→ **Given data**:

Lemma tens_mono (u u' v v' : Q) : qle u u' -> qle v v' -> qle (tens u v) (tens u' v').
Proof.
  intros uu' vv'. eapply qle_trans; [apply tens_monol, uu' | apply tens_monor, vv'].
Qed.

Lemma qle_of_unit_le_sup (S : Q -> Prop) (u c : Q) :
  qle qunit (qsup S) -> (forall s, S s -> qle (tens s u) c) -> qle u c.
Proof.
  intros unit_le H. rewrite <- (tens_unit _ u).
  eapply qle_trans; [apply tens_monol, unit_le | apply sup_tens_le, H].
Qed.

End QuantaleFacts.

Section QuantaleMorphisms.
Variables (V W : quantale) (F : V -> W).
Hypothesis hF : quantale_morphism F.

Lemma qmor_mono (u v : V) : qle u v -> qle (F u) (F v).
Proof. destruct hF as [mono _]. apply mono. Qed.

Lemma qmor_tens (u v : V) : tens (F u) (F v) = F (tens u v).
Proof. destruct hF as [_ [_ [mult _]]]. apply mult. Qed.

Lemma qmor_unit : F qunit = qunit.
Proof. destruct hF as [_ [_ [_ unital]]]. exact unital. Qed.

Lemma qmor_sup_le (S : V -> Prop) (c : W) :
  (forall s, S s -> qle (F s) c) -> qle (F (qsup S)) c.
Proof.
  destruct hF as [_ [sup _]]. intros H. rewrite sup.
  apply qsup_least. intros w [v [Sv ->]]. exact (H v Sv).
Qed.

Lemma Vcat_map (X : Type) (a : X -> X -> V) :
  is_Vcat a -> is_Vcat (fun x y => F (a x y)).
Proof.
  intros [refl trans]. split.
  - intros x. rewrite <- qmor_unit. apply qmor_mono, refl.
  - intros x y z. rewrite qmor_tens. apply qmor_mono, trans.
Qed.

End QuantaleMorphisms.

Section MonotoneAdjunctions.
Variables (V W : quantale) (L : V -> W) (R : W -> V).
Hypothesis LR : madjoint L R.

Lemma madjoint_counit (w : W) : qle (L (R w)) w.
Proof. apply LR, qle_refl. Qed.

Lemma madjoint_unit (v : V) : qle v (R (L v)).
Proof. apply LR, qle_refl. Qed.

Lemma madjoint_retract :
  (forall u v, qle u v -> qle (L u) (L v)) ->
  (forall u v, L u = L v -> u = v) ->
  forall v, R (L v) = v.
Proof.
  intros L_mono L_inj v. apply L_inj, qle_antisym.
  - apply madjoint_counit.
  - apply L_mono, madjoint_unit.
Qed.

→ **What is needed**:
Each line above is to be reproduced exactly.

→ **Answer box**:
Lemma tens_mono (u u' v v' : Q) : qle u u' -> qle v v' -> qle (tens u v) (tens u' v').
Proof.
  intros uu' vv'. eapply qle_trans; [apply tens_monol, uu' | apply tens_monor, vv'].
Qed.

Lemma qle_of_unit_le_sup (S : Q -> Prop) (u c : Q) :
  qle qunit (qsup S) -> (forall s, S s -> qle (tens s u) c) -> qle u c.
Proof.
  intros unit_le H. rewrite <- (tens_unit _ u).
  eapply qle_trans; [apply tens_monol, unit_le | apply sup_tens_le, H].
Qed.

End QuantaleFacts.

Section QuantaleMorphisms.
Variables (V W : quantale) (F : V -> W).
Hypothesis hF : quantale_morphism F.

Lemma qmor_mono (u v : V) : qle u v -> qle (F u) (F v).
Proof. destruct hF as [mono _]. apply mono. Qed.

Lemma qmor_tens (u v : V) : tens (F u) (F v) = F (tens u v).
Proof. destruct hF as [_ [_ [mult _]]]. apply mult. Qed.

Lemma qmor_unit : F qunit = qunit.
Proof. destruct hF as [_ [_ [_ unital]]]. exact unital. Qed.

Lemma qmor_sup_le (S : V -> Prop) (c : W) :
  (forall s, S s -> qle (F s) c) -> qle (F (qsup S)) c.
Proof.
  destruct hF as [_ [sup _]]. intros H. rewrite sup.
  apply qsup_least. intros w [v [Sv ->]]. exact (H v Sv).
Qed.

Lemma Vcat_map (X : Type) (a : X -> X -> V) :
  is_Vcat a -> is_Vcat (fun x y => F (a x y)).
Proof.
  intros [refl trans]. split.
  - intros x. rewrite <- qmor_unit. apply qmor_mono, refl.
  - intros x y z. rewrite qmor_tens. apply qmor_mono, trans.
Qed.

End QuantaleMorphisms.

Section MonotoneAdjunctions.
Variables (V W : quantale) (L : V -> W) (R : W -> V).
Hypothesis LR : madjoint L R.

Lemma madjoint_counit (w : W) : qle (L (R w)) w.
Proof. apply LR, qle_refl. Qed.

Lemma madjoint_unit (v : V) : qle v (R (L v)).
Proof. apply LR, qle_refl. Qed.

Lemma madjoint_retract :
  (forall u v, qle u v -> qle (L u) (L v)) ->
  (forall u v, L u = L v -> u = v) ->
  forall v, R (L v) = v.
Proof.
  intros L_mono L_inj v. apply L_inj, qle_antisym.
  - apply madjoint_counit.
  - apply L_mono, madjoint_unit.
Qed.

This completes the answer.